I find that these statutes allocate the burden of identifying the debtor as the depositor squarely upon the garnishee.

The statute requires that the judgment creditor in its affidavit give only the name of the debtor, not the address, Social Security number, federal tax identification number, or any other identifying information. Further, there is no requirement that this affidavit be served with the order upon the garnishee.

R.C. 2716.21(B) provides that if the garnishee had any assets of the judgment debtor when he received the order, then he must pay them over.

The statute does not say it applies only if a garnishee knowingly and falsely represents the case, or if he negligently fails to discover assets he has. The statute is equally silent as to who it is who discovers the assets; that is, the court, the judgment creditor or even the garnishee could discover after the answer was filed that the garnishee had assets. Likewise, the statute does not specify whether this occurs only when a garnishee answers in the negative, or only when he answers in the affirmative. The statute simply makes the garnishee liable to the court and to the judgment creditor for any assets he may have had when or after the garnishee received notice of the order. I do not see how else the statute can be read.

Appellant argues that the burden should properly lie with the judgment creditor since he has access to the necessary information. I am not persuaded that this is accurate. The bank has all the information which is in the court record, it has access to the public records such as telephone books and city directories, and most importantly, *Page 136 it has its confidential files against which it must cross-check the information. The judgment creditor may not be in the position to determine what information will be helpful to the bank. Appellant argues that we should place the burden upon the party who can most easily avoid problems. I agree, but I feel that that party is the garnishee.

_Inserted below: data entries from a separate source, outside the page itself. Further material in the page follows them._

(* A continuous Z^N-periodic function attains its minimum: by periodicity it suffices
   to minimize over the unit cube, which is compact. *)
Lemma periodic_min N (v : pt N -> R) : periodic v ->
  (forall x eps, 0 < eps -> exists del, 0 < del /\
     forall y, vnorm (vsub y x) < del -> Rabs (v y - v x) < eps) ->
  exists xm, forall y, v xm <= v y.
Proof.
move=> hp hc.
have hN := pos_INR N.
have neg_v_cont : jcont (fun y (_ : R) => - v y).
  move=> y s eps e0; have [dl [dl0 hd]] := hc y eps e0.
  have q0 : 0 < dl / (INR N + 1) by apply: Rdiv_lt_0_compat; lra.
  exists (dl / (INR N + 1)); split => // y' s' hy _.
  have e1 : (INR N + 1) * (dl / (INR N + 1)) = dl by field; lra.
  have := vnorm_lt_coord q0 hy; rewrite e1 => /hd.
  by rewrite -Rabs_Ropp; congr (Rabs _ < _); ring.
have [xm [sm [_ [_ hmax]]]] := box_EVT (fun _ => / 2) (Rlt_le _ _ (pos_half_prf)) (Rle_refl 0) neg_v_cont.
exists xm => y.
pose k i := Z.sub (up (y i)) 1.
pose z i := y i - IZR (k i).
have z_shift : zshift z k = y by apply: funext => i; rewrite /zshift /z; ring.
rewrite -z_shift hp.
have z_in_cube i : Rabs (z i - / 2) <= / 2.
  have [h1 h2] := archimed (y i).
  by rewrite /z /k minus_IZR; apply: Rabs_le; lra.
by have := hmax z 0 z_in_cube (conj (Rle_refl 0) (Rle_refl 0)); lra.
Qed.

(* A viscosity solution of a stationary equation on the torus forces the control set
   to be nonempty: at a minimum point, (0,0) is a subjet, and the supersolution
   inequality produces a control. *)
Lemma stat_sol_controls_inhabited N (Theta : Type) (sigma : Theta -> pt N -> mat N)
  (H : Theta -> pt N -> pt N -> R) lam c0 v :
  visc_sol_stat sigma H lam c0 v -> inhabited Theta.
Proof.
move=> [hp [hc [_ hsuper]]].
have [xm hm] := periodic_min hp hc.
have hsj : subjet v xm (@vzero N) (@mzero N).
  split=> // e e0; exists 1; split=> [|y _]; first lra.
  have -> : dot (@vzero N) (vsub y xm) = 0 by apply: sumR_zero => i; rewrite /vzero; ring.
  have -> : quad (@mzero N) (vsub y xm) = 0.
    by apply: sumR_zero => i; apply: sumR_zero => j; rewrite /mzero; ring.
  have : 0 <= e * vnorm (vsub y xm) ^ 2 by apply: Rmult_le_pos; [lra|apply: pow_le; apply: vnorm_ge0].
  by have := hm y; lra.
by have [th _] := hsuper xm _ _ hsj 1 Rlt_0_1; constructor.
Qed.

(* Positive part r_+ = (r + |r|)/2.  Its square is C^1 with derivative 2 r_+, and
   pos_sq_tangent is the resulting second-order Taylor bound; this is what makes the
   time penalty kap (s - t2)_+^2 usable in a test function. *)
Definition pos (r : R) : R := (r + Rabs r) / 2.

Lemma pos_ge0 r : 0 <= pos r.
Proof. by rewrite /pos /Rabs; case: Rcase_abs; lra. Qed.

Lemma pos_nonpos r : r <= 0 -> pos r = 0.
Proof. by rewrite /pos /Rabs; case: Rcase_abs; lra. Qed.

Lemma pos_nonneg r : 0 <= r -> pos r = r.
Proof. by rewrite /pos /Rabs; case: Rcase_abs; lra. Qed.
Theorem proposition2p5 (F : closedFieldType) (hF : [pchar F]%R =i pred0) :
  (forall s s' : supernat, snat_infinite s -> snat_infinite s' -> s <> s' ->
     ~ ind_iso (GLs F s) (GLs F s') /\ ~ ind_iso (SLs F s) (SLs F s')) /\
  (forall s : supernat, snat_infinite s ->
     ~ ind_iso (GLs F s) (GLinf F) /\ ~ ind_iso (SLs F s) (SLinf F)).
Proof.
have prim_roots := closed_char0_prim_root hF.
split=> [s s' _ _ neq_ss' | s s_inf].
  split=> iso; apply: neq_ss'.
  - exact: (delta_iso_eq (@GL_group F) (@GL_delta_closed F) (@GL_root_scalar F)
              (@GL_transvection F) (@det_morph_root_scalar F) prim_roots iso).
  - exact: (delta_iso_eq (@SL_group F) (@SL_delta_closed F) (@SL_root_scalar F)
              (@SL_transvection F) (@SL_root_scalar_det F) prim_roots iso).
have [p p_pr div_p] := snat_infinite_prime_divisor s_inf.
have [c c_prim] := prim_roots p (prime_gt0 p_pr).
have c_neq1 := prim_root_neq1 (prime_gt1 p_pr) c_prim.
have cp1 := prim_expr_order c_prim.
split.
- exact: (delta_std_not_iso (@GL_group F) (@GL_delta_closed F) (@GL_root_scalar F)
            (@GL_group F) (@GL_transvection F) div_p cp1 c_neq1).
- exact: (delta_std_not_iso (@SL_group F) (@SL_delta_closed F) (@SL_root_scalar F)
            (@SL_group F) (@SL_transvection F) div_p cp1 c_neq1).
Qed.
Lemma polar_Cnorm_Carg (z : Cx) : z = polar (Cnorm z) (Carg z).
Proof.
destruct z as [u v]. unfold Carg, polar, Cnorm; cbn [fst snd].
set (rho := sqrt (u ^ 2 + v ^ 2)).
assert (Hrho2 : rho * rho = u ^ 2 + v ^ 2) by (apply sqrt_sqrt; nra).
destruct (Req_dec rho 0) as [Hrho0|Hrho0].
{ assert (u = 0) by nra. assert (v = 0) by nra. rewrite Hrho0. f_equal; lra. }
assert (Hrho : 0 < rho) by (assert (0 <= rho) by apply sqrt_pos; lra).
assert (Hc : -1 <= u / rho <= 1).
{ split; [apply Rmult_le_reg_r with rho|apply Rmult_le_reg_r with rho]; try lra;
  unfold Rdiv; rewrite Rmult_assoc, Rinv_l by lra; nra. }
assert (Hs : sqrt (1 - (u / rho)²) = Rabs (v / rho)).
{ rewrite <- sqrt_Rsqr_abs. f_equal. unfold Rsqr. field_simplify_eq; [nra|lra]. }
destruct (Rle_dec 0 v) as [Hv|Hv].
- rewrite cos_acos, sin_acos, Hs, Rabs_pos_eq by (auto; apply Rdiv_le_0_compat; lra).
  f_equal; field; lra.
- rewrite cos_neg, sin_neg, cos_acos, sin_acos, Hs, Rabs_left by (auto; apply Rdiv_neg_pos; lra).
  f_equal; field; lra.
Qed.

(* Distance from [r e^{i th}] to the line through 0 and [rho e^{i phi}]. *)
Lemma Cnorm_sub_polar_ge (r th rho phi : R) :
  r * Rabs (sin (th - phi)) <= Cnorm (Cminus (polar r th) (polar rho phi)).
Proof.
apply Rle_trans with (Rabs (r * sin (th - phi))).
{ rewrite Rabs_mult. apply Rmult_le_compat_r; [apply Rabs_pos|apply Rle_abs]. }
rewrite <- sqrt_Rsqr_abs. apply sqrt_le_1_alt.
unfold Cnorm, Cminus, Cplus, Copp, polar; cbn [fst snd]; unfold Rsqr.
assert (Hth := sin2_cos2 th). assert (Hphi := sin2_cos2 phi). unfold Rsqr in Hth, Hphi.
(* the squared distance is (rho - r cos (th - phi))^2 + (r sin (th - phi))^2 *)
assert (E : (r * cos th + - (rho * cos phi)) ^ 2 + (r * sin th + - (rho * sin phi)) ^ 2
  - ((rho - r * cos (th - phi)) ^ 2 + r * sin (th - phi) * (r * sin (th - phi)))
  = rho ^ 2 * ((sin phi * sin phi + cos phi * cos phi) - 1)
    + r ^ 2 * (sin th * sin th + cos th * cos th) * (1 - (sin phi * sin phi + cos phi * cos phi)))
  by (rewrite cos_minus, sin_minus; ring).
rewrite Hth, Hphi in E. pose proof (pow2_ge_0 (rho - r * cos (th - phi))). lra.
Qed.

Lemma Cnorm_sub_polar_ge_Carg (r th : R) (w : Cx) :
  r * Rabs (sin (th - Carg w)) <= Cnorm (Cminus (polar r th) w).
Proof.
pose proof (Cnorm_sub_polar_ge r th (Cnorm w) (Carg w)) as H.
rewrite <- polar_Cnorm_Carg in H. exact H.
Qed.

Lemma Rpower_pos (x y : R) : 0 < Rpower x y.
Proof. apply exp_pos. Qed.

Lemma Rpower_opp_le_compat (x y g : R) : 0 <= g -> 0 < x <= y -> Rpower y (- g) <= Rpower x (- g).
Proof.
intros Hg Hxy. rewrite !Rpower_Ropp.
apply Rinv_le_contravar; [apply Rpower_pos|apply Rle_Rpower_l; lra].
Qed.

Lemma continuous_Rpower_l (x y : R) : 0 < x -> continuous (fun u => Rpower u y) x.
Proof.
intro Hx. apply (@ex_derive_continuous R_AbsRing R_NormedModule).
exists (y * Rpower x (y - 1)). apply is_derive_Reals, derivable_pt_lim_power, Hx.
Qed.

This will not force banks to violate their duty to keep depositors' records confidential as appellant argues. Certain cases may require banks to request more information and, in those cases, they may do so without divulging any information, as in fact appellant did in its answer of March 13.

Finally, I think that if the garnishee bears the burden of clarifying whether an account it holds is under a garnishment order, then there will be fewer cases in which innocent parties are garnished in error, or in which the garnishment fails. Admittedly, there will be occasions when, despite best efforts, the judgment debtor's assets will be lost to the creditor, or when the wrong account will be garnished. Far more mistakes will be made, however, if, as in the case at bar, the garnishee does not take the simple steps it could to identify whether or not its depositor is the person sought to be garnished.

A quick review of the facts in the case at bar indicates that appellant had not one but two names of reference for this account, to wit: Ed Nettler and Ed's Auto Sales. The address where the original small claims summons was served matched the depositor's address in the bank's records. A review of the pleadings in the original action shows Ed Netler (one "t") filed objections to the finding of the referee in the original action. Appellant in its answer of March 26 had no difficulty in identifying the then-overdrawn account. The lower court apparently felt that appellant should have known that the account held was under a garnishment order, and I agree.

Because the statute makes the garnishee liable without defense to the creditor, it follows that it must make whatever efforts it can to ensure that the garnishment order is obeyed. I find that the appellant should have checked the court records, the telephone book, and the city directory, at least, for cross-references to identify this depositor before it answered the court order. Having failed to do so, it was correctly found in contempt of court, and I must respectfully dissent.

2 The dissenting opinion as it appears herein was abridged by Judge Turpin.